News Extraction Automation Workflow with GPT Tools for Data

Description

Overview

This News Extraction automation workflow enables systematic retrieval and processing of recent news posts from a website without an RSS feed, employing a no-code integration pipeline. Designed for data engineers and content managers, it automates the extraction of URLs, publication dates, and full content from news listings, producing summarized insights and technical keywords using AI language models.

Key Benefits

Automates weekly extraction of news posts using CSS selectors from HTML content.
Filters news articles by publication date, ensuring only recent posts are processed.
Generates concise content summaries with AI, optimizing information consumption.
Extracts key technical keywords from articles via AI-driven natural language processing.
Stores enriched news data reliably in a structured NocoDB SQL database for further use.

Product Overview

This News Extraction orchestration pipeline triggers weekly based on a scheduled cron event. It initiates by sending an HTTP request to retrieve the HTML of the news listing page. Using HTML extraction nodes configured with precise CSS selectors, it pulls arrays of individual news post links (href attributes) and their corresponding publication dates from specified DOM elements. These arrays are split into individual items and merged by position to associate each link with its date.

A JavaScript code node then filters the combined set to retain only posts published within the last seven days. For each filtered link, the workflow fetches the full news article HTML, extracting the title and main content using targeted CSS selectors. The content is sent to an AI text generation node which produces a summary capped at 70 words, alongside another AI call that identifies the top three technical keywords without explanation.

Summary and keyword outputs are renamed and merged for clarity, then combined with the original metadata (title, date, link). The final enriched JSON objects are pushed into a NocoDB SQL database table configured with appropriate fields, enabling structured storage and downstream querying. The workflow operates synchronously within each step, with default platform error handling applied. Authentication for AI and database access is via API keys securely managed by n8n credentials.

Features and Outcomes

Core Automation

This news extraction pipeline accepts raw HTML from a news listing page as input, applies CSS selector-based extraction to isolate links and publication dates, and uses a date-based filter for recent content. AI-powered summarization and keyword extraction nodes generate concise and relevant metadata for each article.

Single-pass evaluation merges and filters items by publication date deterministically.
Seamless combination of structured metadata with AI-generated text enrichments.
Synchronous node execution ensures consistent data flow and output integrity.

Integrations and Intake

The workflow integrates with external HTTP endpoints for HTML retrieval and uses OpenAI’s GPT model for natural language processing, authenticated via API keys. The intake consists of HTML pages containing news listings, expected to have consistent CSS structure for reliable extraction.

HTTP Request nodes fetch listing and detail pages for content scraping.
OpenAI API leverages GPT for content summarization and keyword extraction.
NocoDB API authenticates via token to store processed news data securely.

Outputs and Consumption

Outputs include JSON objects combining news titles, publication dates, URLs, AI-generated summaries, and keyword lists.

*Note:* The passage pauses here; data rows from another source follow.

(* Let $T$ be a quantizable map satisfying Condition 1 and let $U=U_\Bbbk$ be a quantization of $T$ with respect to a partition $\mathcal M_\Bbbk$ of size $N_\Bbbk$ from a sequence satisfying Condition 2. There is a constant $D(T)$, independent of $n$ and $N_\Bbbk$, such that for every $f\in\mathrm{Lip}(I_c)$ and every integer $n\geq1$, $$\|U^{-n}\mathrm{Op}_\Bbbk(f)U^{n}-\mathrm{Op}_\Bbbk(f\circ T^n)\|\leq D(T)\,\|f\|_{\mathrm{Lip}}\,\frac{\Lambda_{\max}^n}{N_\Bbbk},$$ where $\|\cdot\|$ is the operator norm and $\Lambda_{\max}=\max_j\Lambda_j$.
   Context: Condition 1: $T:[0,1]\to[0,1]$, integers $\Lambda_1,\dots,\Lambda_l\geq2$ with $\sum\Lambda_j^{-1}=1$, consecutive intervals $I_1,\dots,I_l$ with $|I_j|=\Lambda_j^{-1}$, and $T$ affine with slope $\Lambda_j$ on $I_j$ mapping $I_j$ onto $[0,1]$. $\mathcal M_\Bbbk$ is the partition of $[0,1]$ into $E_i=[(i-1)/N_\Bbbk,i/N_\Bbbk]$; Condition 2 for a sequence $(\mathcal M_\Bbbk)$: $N_{\Bbbk+1}/N_\Bbbk$ is an integer $>1$ and all endpoints of the $I_j$ are endpoints of $\mathcal M_1$. With $B_\Bbbk(i,j)=|E_i\cap T^{-1}E_j|/|E_i|$, a quantization is a unitary $N_\Bbbk\times N_\Bbbk$ matrix $U_\Bbbk$ with $B_\Bbbk(j,i)=|U_\Bbbk(i,j)|^2$ for all $i,j$; $T$ is quantizable if such $U_\Bbbk$ exist for all $\Bbbk$ for some sequence satisfying Condition 2. $\mathrm{Op}_\Bbbk(f)$ is the diagonal matrix whose $(i,i)$ entry is the average $N_\Bbbk\int_{E_i}f\,dx$. $I_c$ is the circle obtained from $[0,1]$ by identifying $0$ and $1$, with distance $d(x,y)=\min\{|x-y|,|x-y-1|\}$ (for $x\geq y$ representatives in $[0,1]$); $\|f\|_{\mathrm{Lip}}=\sup_x|f(x)|+\sup_{x\neq y}|f(x)-f(y)|/d(x,y)$ and $\mathrm{Lip}(I_c)$ is the space of functions with finite Lipschitz norm. *)

From HB Require Import structures.
From mathcomp Require Import all_boot all_order all_algebra.
From mathcomp Require Import all_classical all_reals all_analysis.
From mathcomp.real_closed Require Import complex.

Set Implicit Arguments.
Unset Strict Implicit.
Unset Printing Implicit Defensive.

Import Order.TTheory GRing.Theory Num.Theory.
Local Open Scope classical_set_scope.
Local Open Scope ring_scope.

(* a_j = sum_{k<j} 1/Lambda_k : left endpoint of I_{j} (0-based), a_l = 1. *)
Definition endpt (R : realType) (l : nat) (Lam : 'I_l -> nat) (j : nat) : R :=
  \sum_(k < l | (k < j)%N) ((Lam k)%:R)^-1.
Arguments endpt {R l} Lam j.

(* Condition 1.  T is affine of slope Lambda_j on the interior of
   I_j = [a_j, a_{j+1}] and maps it onto [0,1]; T maps [0,1] into [0,1]
   (the value at the finitely many breakpoints is unconstrained). *)
Definition cond1 (R : realType) (T : R -> R) (l : nat) (Lam : 'I_l -> nat) : Prop :=
  [/\ (forall j, (2 <= Lam j)%N),
      \sum_(j < l) ((Lam j)%:R)^-1 = 1 :> R,
      (forall x : R, 0 <= x <= 1 -> 0 <= T x <= 1) &
      (forall (j : 'I_l) (x : R), endpt Lam j < x < endpt Lam j.+1 ->
          T x = (Lam j)%:R * (x - endpt Lam j))].

Definition cell (R : realType) (N : nat) (i : 'I_N) : set R :=
  [set x : R | (i%:R / N%:R <= x <= (i.+1)%:R / N%:R)].

Definition transB (R : realType) (T : R -> R) (N : nat) (i j : 'I_N) : R :=
  fine (lebesgue_measure (cell i `&` T @^-1` cell j)) /
  fine (lebesgue_measure (cell i)).

Definition cabs (R : realType) (z : R[i]) : R := ComplexField.Normc.normc z.

Definition unitary (R : realType) (N : nat) (U : 'M[R[i]]_N) : Prop :=
  U *m (map_mx (@conjc R) U)^T = 1%:M.

Definition is_quantization (R : realType) (T : R -> R) (N : nat)
    (U : 'M[R[i]]_N) : Prop :=
  unitary U /\ forall i j : 'I_N, transB T j i = cabs (U i j) ^+ 2.

Definition cond2 (R : realType) (l : nat) (Lam : 'I_l -> nat) (N : nat -> nat) : Prop :=
  [/\ (0 < N 1)%N,
      (forall k, (1 <= k)%N -> (N k %| N k.+1)%N /\ (N k < N k.+1)%N) &
      (forall j, (j <= l)%N -> exists m : nat, endpt Lam j = m%:R / (N 1)%:R :> R)].

Definition quantizable (R : realType) (T : R -> R) (l : nat) (Lam : 'I_l -> nat) : Prop :=
  exists N : nat -> nat, cond2 R Lam N /\
    forall k, (1 <= k)%N -> exists U : 'M[R[i]]_(N k), is_quantization T U.

Definition Op (R : realType) (N : nat) (f : R -> R) : 'M[R[i]]_N :=
  \matrix_(i, j) (if i == j then
     ((N%:R * Rintegral lebesgue_measure (cell i) f)%:C)%C else 0).

Definition mxpow (R : realType) (N : nat) (A : 'M[R[i]]_N) (n : nat) : 'M[R[i]]_N :=
  iter n (mulmx A) 1%:M.

Definition vnorm (R : realType) (N : nat) (v : 'cV[R[i]]_N) : R :=
  Num.sqrt (\sum_i cabs (v i 0) ^+ 2).

Definition opnorm (R : realType) (N : nat) (A : 'M[R[i]]_N) : R :=
  sup [set vnorm (A *m v) | v in [set v : 'cV[R[i]]_N | vnorm v <= 1]].

(* distance on the circle I_c, for representatives in [0,1] *)
Definition cdist (R : realType) (x y : R) : R := Order.min `|x - y| (1 - `|x - y|).

Definition unit_int (R : realType) : set R := [set x : R | 0 <= x <= 1].

Definition sup_part (R : realType) (f : R -> R) : set R :=
  [set `|f x| | x in @unit_int R].
Lemma nab2_coords x y z kk :
  phi kk (nab x (nab y z)) = \sum_r \sum_l conn x kk l * (conn y l r * phi r z).
Proof.
rewrite nab_coords exchange_big /=; apply: eq_bigr => l _.
by rewrite nab_coords mulr_sumr.
Qed.

Definition Kmat (kk r : 'I_n) : C :=
  \sum_l (Mmat kk l * Nmat l r - Nmat kk l * Mmat l r) - rC lam * (Mmat kk r - Nmat kk r).

Lemma omega_conj x y : conjc (omega x y) = - omega x y.
Proof.
rewrite /omega; move: (phi ord0 x) (phi ord0 y) => [p1 p2] [q1 q2].
by simpc; congr (_ +i* _); ring.
Qed.

Lemma curvature_coords x y z kk :
  phi kk (nab x (nab y z) - nab y (nab x z) - nab (br x y) z)
  = omega x y * \sum_r Kmat kk r * phi r z.
Proof.
rewrite !phiB !nab2_coords nab_coords -!sumrB mulr_sumr; apply: eq_bigr => r _.
rewrite /Kmat [(_ - _) * phi r z]mulrBl mulr_suml [omega x y * _]mulrBr mulr_sumr.
rewrite -sumrB; congr (_ - _); first by apply: eq_bigr => l _; rewrite /conn /omega; ring.
by rewrite /conn phi0_bracket conjcM conjc_rC omega_conj; ring.
Qed.

(* Flatness is the vanishing of K: omega(a_1, J a_1) = -i/2 is nonzero. *)
Lemma flat_Kmat : flat br nab <-> forall kk r, Kmat kk r = 0.
Proof.
split=> [flat_nab kk r | K0 x y z]; last first.
  apply: phi_inj => kk; rewrite curvature_coords phi0 big1 ?mulr0 // => r _.
  by rewrite K0 mul0r.
have := congr1 (phi kk) (flat_nab (a ord0) (a ord0 *m J) (a r)).
rewrite curvature_coords phi0 (bigD1 r) //= big1 => [|r' r'r]; last first.
  by rewrite phi_a_neq ?mulr0.
rewrite phi_a eqxx addr0 /omega !phi_a !phi_aJ eqxx /=.
move: (Kmat kk r) => [p q]; rewrite /rC /iC -[0 : C]/(0 +i* 0); simpc.
by move=> /complex_eq_parts [h1 h2]; congr (_ +i* _); lra.
Qed.

Lemma Nmat00 : Nmat ord0 ord0 = - rC lam.
Proof.
by rewrite /Nmat /Nform unlift_none phi_a eqxx /= /rC; simpc; congr (_ +i* _); field.
Qed.

Lemma Nmat0S l : Nmat ord0 (lift ord0 l) = 0.
Proof. by rewrite /Nmat /Nform unlift_none phi_a_neq ?neq_lift // mulr0. Qed.

Lemma Aform_a0 j : Aform j (a ord0) = 0.
Proof.
by rewrite /Aform big1 // => l _; rewrite phi_a_neq 1?eq_sym ?neq_lift // mulr0.
Qed.

Lemma Aform_aS j l : Aform j (a (lift ord0 l)) = conjc (A j l) * rC (1 / 2).
Proof.
rewrite /Aform (bigD1 l) //= big1 => [|l' l'l]; first by rewrite phi_a eqxx addr0.
by rewrite phi_a_neq ?mulr0 // (inj_eq (@lift_inj _ ord0)).
Qed.

Lemma NmatS0 j : Nmat (lift ord0 j) ord0 = - conjc (v 0 j).
Proof.
rewrite /Nmat /Nform liftK phi_a eqxx Aform_a0 addr0 /=.
by move: (conjc (v 0 j)) => [p q]; rewrite /rC; simpc; congr (_ +i* _); field.
Qed.

Lemma NmatSS j l : Nmat (lift ord0 j) (lift ord0 l) = - conjc (A j l).
Proof.
rewrite /Nmat /Nform liftK phi_a_neq 1?eq_sym ?neq_lift // Aform_aS mulr0 add0r.
by move: (conjc (A j l)) => [p q]; rewrite /rC; simpc; congr (_ +i* _); field.
Qed.

Lemma Kmat00 : Kmat ord0 ord0 = - (\sum_j v 0 j * conjc (v 0 j) + rC (2 * lam ^+ 2)).
Proof.
rewrite /Kmat big_ord_recl.
rewrite (eq_bigr (fun j => - (v 0 j * conjc (v 0 j)))) => [|j _]; last first.
  by rewrite /Mmat NmatS0 Nmat0S conjcN conjcK conjc0; ring.
rewrite sumrN /Mmat Nmat00; move: (\sum_(i < k) _) => [s1 s2].
by rewrite /rC; simpc; congr (_ +i* _); ring.
Qed.

Lemma KmatSS j l : Kmat (lift ord0 j) (lift ord0 l) = conjc (v 0 j) * v 0 l
  + \sum_r (conjc (A j r) * A l r - A r j * conjc (A r l))
  - rC lam * (A l j + conjc (A j l)).
Proof.
rewrite /Kmat big_ord_recl.
rewrite (eq_bigr (fun r => conjc (A j r) * A l r - A r j * conjc (A r l))) => [|r _].
  by rewrite /Mmat !NmatSS !NmatS0 !Nmat0S !conjcN !conjcK; ring.
by rewrite /Mmat /bump /= !NmatSS !conjcN !conjcK; ring.
Qed.

Lemma Kmat_eq0 :
  (forall kk r, Kmat kk r = 0) <-> [/\ lam = 0, v = 0 & A *m adjmx A = adjmx A *m A].
Proof.
split=> [K0 | [lam0 v0 AA] kk r].
  have [lam0 v0] : lam = 0 /\ v = 0.
    by apply: sum_norm2_eq0; apply: oppr_inj; rewrite -Kmat00 K0 oppr0.
  split=> //; apply/matrixP => l j; apply/eqP; rewrite -subr_eq0 commutator_adj_entry.
  have := K0 (lift ord0 j) (lift ord0 l).
  by rewrite KmatSS v0 lam0 !mxE conjc0 mul0r add0r rC0 mul0r subr0 => ->.
have vj0 j : v 0 j = 0 by rewrite v0 mxE.
have N_col0 s : Nmat s ord0 = 0.
  by case: (unliftP ord0 s) => [j ->|->]; rewrite ?NmatS0 ?vj0 ?conjc0 ?Nmat00 ?lam0 ?rC0 oppr0.
have N_row0 s : Nmat ord0 s = 0.
  by case: (unliftP ord0 s) => [j ->|->]; rewrite ?Nmat0S // Nmat00 lam0 rC0 oppr0.
case: (unliftP ord0 kk) => [j ->|->]; last first.
  rewrite /Kmat /Mmat big1 => [|l _]; last by rewrite N_col0 N_row0 conjc0 oppr0 !mul0r subrr.
  by rewrite lam0 rC0 mul0r subr0.
case: (unliftP ord0 r) => [l ->|->]; last first.
  rewrite /Kmat /Mmat big1 => [|l _]; last by rewrite N_col0 N_row0 conjc0 oppr0 !mulr0 subrr.
  by rewrite lam0 rC0 mul0r subr0.
by rewrite KmatSS vj0 conjc0 mul0r add0r lam0 rC0 mul0r subr0 -commutator_adj_entry AA subrr.
Qed.

Lemma chern_flat_iff :
  flat br nab <-> [/\ lam = 0, v = 0 & A *m adjmx A = adjmx A *m A].
Proof. exact: iff_trans flat_Kmat Kmat_eq0. Qed.

End ChernCurvature.

Theorem lemma6 (R : rcfType) (k : nat)
    (br : 'rV[R]_((k.+1).*2) -> 'rV[R]_((k.+1).*2) -> 'rV[R]_((k.+1).*2))
    (J G : 'M[R]_((k.+1).*2))
    (a : 'I_k.+1 -> 'rV[R]_((k.+1).*2))
    (phi : 'I_k.+1 -> 'rV[R]_((k.+1).*2) -> R[i])
    (lam : R) (v : 'rV[R[i]]_k) (A : 'M[R[i]]_k)
    (nab : 'rV[R]_((k.+1).*2) -> 'rV[R]_((k.+1).*2) -> 'rV[R]_((k.+1).*2)) :
  is_lie_bracket br ->
  almost_abelian br ->
  hermitian_structure br J G ->
  admissible_frame br J G a phi lam v A ->
  chern_connection br J G nab ->
  (flat br nab <-> [/\ lam = 0, v = 0 & A *m adjmx A = adjmx A *m A]).
Proof.
move=> [br_bilin _] _ [J2 _ G_sym _ G_J] [unitary [phi_lin dual10 dual01 eq1 eqS]].
move=> [nab_bilin nab_J nab_g nab_torsion].
exact: (chern_flat_iff br_bilin J2 G_sym G_J unitary phi_lin dual10 dual01 eq1 eqS
          nab_bilin nab_J nab_g nab_torsion).
Qed.
Lemma star_exp_ge (r : R) (n : nat) : 0 < r ->
  INR n * (ln r / - ln eps) <= INR (star_exp eps r n).
Proof.
intros r_gt0; unfold star_exp; rewrite <- log_base_inv_pow by exact r_gt0.
set (x := log_base _ _); set (z := Defs.Zceil x).
apply Rle_trans with (IZR z); [apply Zceil_ge|].
destruct (Z_le_gt_dec 0 z) as [z_ge0 | z_lt0].
- rewrite INR_IZR_INZ, Z2Nat.id by exact z_ge0; lra.
- apply Rle_trans with 0; [apply IZR_le; lia | apply pos_INR].
Qed.

Lemma star_exp_linear (r : R) : 1 < r ->
  exists c : nat, (0 < c)%nat /\
    forall q n : nat, (q * c <= n)%nat -> (q <= star_exp eps r n)%nat.
Proof.
intros r_gt1.
assert (slope_gt0 : 0 < ln r / - ln eps).
{ pose proof ln_eps_lt0; apply Rdiv_lt_0_compat; [|lra].
  rewrite <- ln_1; apply ln_increasing; lra. }
destruct (archimed_cor1 _ slope_gt0) as [c [c_inv c_gt0]].
exists c; split; [exact c_gt0|]; intros q n qc_le_n.
apply INR_le; apply le_INR in qc_le_n; rewrite mult_INR in qc_le_n.
assert (c_pos : 0 < INR c) by (apply lt_0_INR; exact c_gt0).
assert (one_le : 1 <= INR c * (ln r / - ln eps)).
{ apply (Rmult_lt_compat_l (INR c)) in c_inv; [|exact c_pos].
  rewrite Rinv_r in c_inv; lra. }
assert (q_ge0 := pos_INR q).
apply Rle_trans with (INR n * (ln r / - ln eps)); [nra | apply star_exp_ge; lra].
Qed.

Lemma star_exp_inv_eps (n : nat) : star_exp eps (/ eps) n = n.
Proof.
unfold star_exp; rewrite log_base_inv_pow by (apply Rinv_0_lt_compat; exact eps_gt0).
replace (ln (/ eps) / - ln eps) with 1
  by (pose proof ln_eps_lt0; rewrite ln_Rinv by exact eps_gt0; field; lra).
rewrite Rmult_1_r, INR_IZR_INZ, Zceil_IZR; apply Nat2Z.id.
Qed.

End StarExponent.

From HB Require Import structures.
From mathcomp Require Import all_boot all_order all_algebra.
Import GRing.Theory.
Local Open Scope ring_scope.

Section SetAlgebra.
Variables (V : idomainType) (A : algType V).
Implicit Types (U M Q S T : A -> Prop) (a : V) (x y z : A).

Lemma finsumsD U x y : finsums U x -> finsums U y -> finsums U (x + y).
Proof.
elim=> [|u s Uu _ IHs] Uy; first by rewrite add0r.
by rewrite -addrA; constructor => //; apply: IHs.
Qed.

Lemma sub_finsums U : incl_set U (finsums U).
Proof. by move=> x Ux; rewrite -[x]addr0; constructor => //; constructor. Qed.

Lemma finsums_mono U T : incl_set U T -> incl_set (finsums U) (finsums T).
Proof. by move=> UT x; elim=> [|u s Uu _ IHs]; constructor => //; apply: UT. Qed.

Lemma finsums_sub_submod U M :
  is_submod M -> incl_set U M -> incl_set (finsums U) M.
Proof. by case=> M0 MD _ UM x; elim=> // u s Uu _ IHs; apply: MD => //; apply: UM. Qed.

Lemma finsums_submod U :
  (forall a u, U u -> U (a *: u)) -> is_submod (finsums U).
Proof.
move=> UZ; split; [exact: finsums0 | exact: finsumsD |].
move=> a x; elim=> [|u s Uu _ IHs]; first by rewrite scaler0; constructor.
by rewrite scalerDr; constructor => //; apply: UZ.
Qed.

Lemma span_submod S : is_submod (Defs.span S).
Proof.
by apply: finsums_submod => a _ [b [y [Sy ->]]]; exists (a * b), y; rewrite scalerA.
Qed.

Lemma sub_span S : incl_set S (Defs.span S).
Proof. by move=> x Sx; apply: sub_finsums; exists 1, x; rewrite scale1r. Qed.

Lemma finsums_sub_span U : incl_set (finsums U) (Defs.span U).
Proof. by apply: finsums_mono => x Ux; exists 1, x; rewrite scale1r. Qed.

Lemma finsums_mul_scale U Q a x y : is_submod Q ->
  (forall u v, U u -> U v -> Q (a *: (u * v))) ->
  finsums U x -> finsums U y -> Q (a *: (x * y)).
Proof.
case=> Q0 QD _ UUQ; elim=> [|u s Uu _ IHs] Uy; first by rewrite mul0r scaler0.
rewrite mulrDl scalerDr; apply: (QD); last exact: IHs.
elim: Uy => [|v t Uv _ IHt]; first by rewrite mulr0 scaler0.
by rewrite mulrDr scalerDr; apply: (QD) => //; apply: UUQ.
Qed.

Lemma mul_setpow M m n x y :
  setpow M m x -> setpow M n y -> setpow M (m + n) (x * y).
Proof.
move=> Mx; elim: n y => [|n IHn] y /=; first by move=> ->; rewrite addn0 mulr1.
move=> [y' [w [My' [Mw ->]]]]; rewrite addnS.
by exists (x * y'), w; rewrite mulrA; split; [apply: IHn|].
Qed.

Lemma setpowD_split M m n z : setpow M (m + n) z ->
  exists x y, [/\ setpow M m x, setpow M n y & z = x * y].
Proof.
elim: n z => [|n IHn] z; first by rewrite addn0 => Mz; exists z, 1; rewrite mulr1.
rewrite addnS => -[z' [w [Mz' [Mw ->]]]].
have [x [y [Mx My ->]]] := IHn _ Mz'.
by exists x, (y * w); split => //; [exists y, w | rewrite mulrA].
Qed.

Lemma setpow1P M x : setpow M 1 x <-> M x.
Proof.
split=> [[u [w [/= -> [Mw ->]]]] | Mx]; first by rewrite mul1r.
by exists 1, x; rewrite mul1r.
Qed.

Lemma setpow_mono M Q n : incl_set M Q -> incl_set (setpow M n) (setpow Q n).
Proof.
move=> MQ; elim: n => [|n IHn] x //= [u [w [Mu [Mw ->]]]].
by exists u, w; split; [apply: IHn | split => //; apply: MQ].
Qed.

Lemma setpowM M Q c j :
  incl_set (setpow M c) Q -> incl_set (setpow M (c * j)) (setpow Q j).
Proof.
move=> McQ; elim: j => [|j IHj] x; first by rewrite muln0.
rewrite mulnS addnC => /setpowD_split [u [w [Mu Mw ->]]].
by exists u, w; split; [apply: IHj | split => //; apply: McQ].
Qed.

Lemma setpowS_scale M n a x :
  is_submod M -> setpow M n.+1 x -> setpow M n.+1 (a *: x).
Proof.
case=> _ _ MZ [u [w [Mu [Mw ->]]]].
by exists u, (a *: w); rewrite scalerAr; split => //; split => //; apply: MZ.
Qed.

Definition pi_stable (pi : V) M := incl_set (sscale pi (setpow M 2)) M.

Lemma pi_stable_setpowS pi Q j x : is_submod Q -> pi_stable pi Q ->
  setpow Q j.+1 x -> Q (pi ^+ j *: x).
Proof.
move=> sQ piQ; elim: j x => [|j IHj] x; first by rewrite expr0 scale1r => /setpow1P.
move=> [u [w [Qu [Qw ->]]]]; rewrite exprS -scalerA scalerAl.
apply: piQ; exists ((pi ^+ j *: u) * w); split => //.
by exists (pi ^+ j *: u), w; split => //; apply/setpow1P/IHj.
Qed.

Lemma pi_stable_setpow_affine pi Q M c d j z : is_submod Q -> pi_stable pi Q ->
  incl_set (setpow M c) Q -> incl_set (setpow M d) Q ->
  setpow M (c * j + d) z -> Q (pi ^+ j *: z).
Proof.
move=> sQ piQ McQ MdQ /setpowD_split [x [y [Mx My ->]]].
apply: (pi_stable_setpowS sQ piQ); exists x, y.
by split; [exact: setpowM Mx | split => //; apply: MdQ].
Qed.

End SetAlgebra.

Section Bornology.
Variables (V : idomainType) (A : algType V) (B : (A -> Prop) -> Prop).
Hypothesis bornB : bornological_algebra B.
Implicit Types (U M S T : A -> Prop).

Lemma bounded_sub S T : B T -> incl_set S T -> B S.
Proof. by case: bornB => _ H _ _ _; apply: H. Qed.

Lemma bounded_union S T : B S -> B T -> B (fun x => S x \/ T x).
Proof. by case: bornB => _ _ H _ _; apply: H. Qed.

Lemma bounded_span S : B S -> B (Defs.span S).
Proof. by case: bornB => _ _ _ H _; apply: H. Qed.

Lemma bounded_setmul S T : B S -> B T -> B (setmul S T).
Proof. by case: bornB => _ _ _ _ H; apply: H. Qed.

Lemma bounded_finsums U T : B T -> incl_set U T -> B (finsums U).
Proof.
move=> BT UT; apply: (bounded_sub (bounded_span BT)) => x Ux.
by apply: finsums_sub_span; apply: finsums_mono Ux.
Qed.
(* For all integers $d\ge 2$ and $n\ge 1$, the lattice $\Gamma(M_{d,n})$, ordered pointwise ($f\le g$ iff $f(x)\le g(x)$ for all $x\in M_{d,n}$), is distributive if and only if $n\in\{1,2\}$.
   Context: For integers $d\ge 2$, $n\ge 1$, the $(d,n)$-book lattice $M_{d,n}$ is the finite lattice with universe $\{0,1\}\cup\{a_i: 1\le i\le n\}\cup\{b_j:1\le j\le d-2\}$ and order generated by $0<a_i<b_1<b_2<\cdots<b_{d-2}<1$ for each $1\le i\le n$ (the $a_i$ are pairwise incomparable; when $d=2$ there are no $b_j$ and $0<a_i<1$). For a finite lattice $L$, the geometric realization $\Gamma(L)$ is the set of functions $f\colon L\to[0,1]$ such that for every $s\in[0,1]$ the level set $f_s=\{x\in L: f(x)\ge s\}$ is a principal ideal of $L$, topologized as a subspace of $[0,1]^L$. Equivalently, writing $\phi_a$ for the indicator function of the principal ideal $\{x: x\le a\}$, $\Gamma(L)$ consists of the convex combinations $\sum_{a\in C}u_a\phi_a$ over chains $C$ of $L$. The pointwise order on $\Gamma(L)$ is a lattice order, and $\Gamma(L)$ is regarded as a lattice with the induced meet and join. The maps $h_s\colon\Gamma(L)\to L$, $h_s(f)=\bigvee f_s$ ($s\in[0,1]$) are known to be lattice homomorphisms jointly realizing $\Gamma(L)$ as a subdirect power of $L$. *)

From mathcomp Require Import all_boot all_order all_algebra.
From mathcomp Require Import reals.
Set Implicit Arguments. Unset Strict Implicit. Unset Printing Implicit Defensive.
Import Order.TTheory GRing.Theory Num.Theory.
Local Open Scope ring_scope.

(* The (d,n)-book lattice M_{d,n}:
   Mbot = 0, Mtop = 1, Ma i = a_{i+1} (i : 'I_n), Mb j = b_{j+1} (j : 'I_(d-2)). *)
Inductive book (d n : nat) : Type :=
| Mbot | Mtop | Ma of 'I_n | Mb of 'I_(d - 2).
Arguments Mbot {d n}. Arguments Mtop {d n}.

Definition book_le (d n : nat) (x y : book d n) : bool :=
  match x, y with
  | Mbot, _ => true
  | _, Mtop => true
  | Ma i, Ma i' => i == i'
  | Ma _, Mb _ => true
  | Mb j, Mb j' => (j <= j')%N
  | _, _ => false
  end.

Definition Gamma (R : realType) (d n : nat) (f : book d n -> R) : Prop :=
  (forall x, 0 <= f x <= 1) /\
  (forall s : R, 0 <= s <= 1 ->
     exists a : book d n, forall x, (s <= f x) <-> book_le x a).

Definition fle (R : realType) (T : Type) (f g : T -> R) : Prop :=
  forall x, f x <= g x.

Definition is_join (R : realType) (T : Type) (S : (T -> R) -> Prop)
  (f g j : T -> R) : Prop :=
  S j /\ fle f j /\ fle g j /\ (forall k, S k -> fle f k -> fle g k -> fle j k).

Definition is_meet (R : realType) (T : Type) (S : (T -> R) -> Prop)
  (f g m : T -> R) : Prop :=
  S m /\ fle m f /\ fle m g /\ (forall k, S k -> fle k f -> fle k g -> fle k m).

Definition distributive_lattice (R : realType) (T : Type)
  (S : (T -> R) -> Prop) : Prop :=
  forall f g h gh l fg fh r : T -> R,
    S f -> S g -> S h ->
    is_join S g h gh -> is_meet S f gh l ->
    is_meet S f g fg -> is_meet S f h fh -> is_join S fg fh r ->
    l = r.

From HB Require Import structures.
From mathcomp Require Import all_boot all_order all_algebra.
From mathcomp Require Import reals.
From Stdlib Require Import FunctionalExtensionality.
From mathcomp Require Import zify.
Set Implicit Arguments. Unset Strict Implicit. Unset Printing Implicit Defensive.
Import Order.TTheory GRing.Theory Num.Theory.
Local Open Scope ring_scope.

Data is delivered asynchronously to a structured SQL database, enabling efficient querying and integration into downstream systems.

Structured JSON objects with keys: Title, Date, Link, Summary, Keywords.
Data is stored in a NocoDB SQL table optimized for news metadata management.
All outputs maintain consistent formatting for automated consumption workflows.

Workflow — End-to-End Execution

Step 1: Trigger

The workflow is initiated by a scheduled trigger node configured to run weekly on a specific day and time. This time-based event ensures periodic retrieval of news updates without manual intervention.

Step 2: Processing

Upon trigger, an HTTP Request node retrieves the HTML of the news listing page. Two HTML extraction nodes then apply CSS selectors to extract arrays of post links and publication dates. These arrays are split into individual JSON items for further processing and merged by their index position. Basic presence checks ensure extracted data is valid before filtering.

Step 3: Analysis

A JavaScript code node filters posts to include only those published within the last seven days. For each filtered post, an HTTP Request node fetches the full article HTML, from which title and content are extracted. AI-powered nodes then generate a succinct summary (under 70 words) and identify three key technical keywords from the content.

Step 4: Delivery

The enriched news data—combining original metadata with AI-generated summaries and keywords—is merged and sent to a NocoDB SQL database node. Data is stored asynchronously in predefined fields, enabling persistent archival and downstream analysis.

Use Cases

Scenario 1

Content managers need timely updates from news sites lacking RSS feeds. This workflow scrapes the latest posts, summarizes content, and extracts keywords, delivering structured data weekly. The result is a consistent feed of relevant news summaries ready for editorial review.

Scenario 2

Data analysts require consolidated, searchable news metadata. By filtering posts by date and enriching them with AI-generated summaries and keywords, this automation pipeline reduces manual curation effort and produces structured insights for trend analysis.

Scenario 3

IT teams managing content ingestion pipelines benefit from automated extraction and storage of news articles in SQL databases. This workflow ensures deterministic extraction steps and reliable data enrichment for integration with BI tools or content management systems.

How to use

Import the workflow into your n8n instance and configure credentials for OpenAI API and NocoDB database access. Adjust the schedule trigger to the preferred weekly interval. Verify and update CSS selectors if the news site’s HTML structure changes. Run the workflow manually once to validate extraction and data flow. Once active, the workflow will run automatically, producing weekly batches of summarized news posts with technical keywords, stored in the configured database.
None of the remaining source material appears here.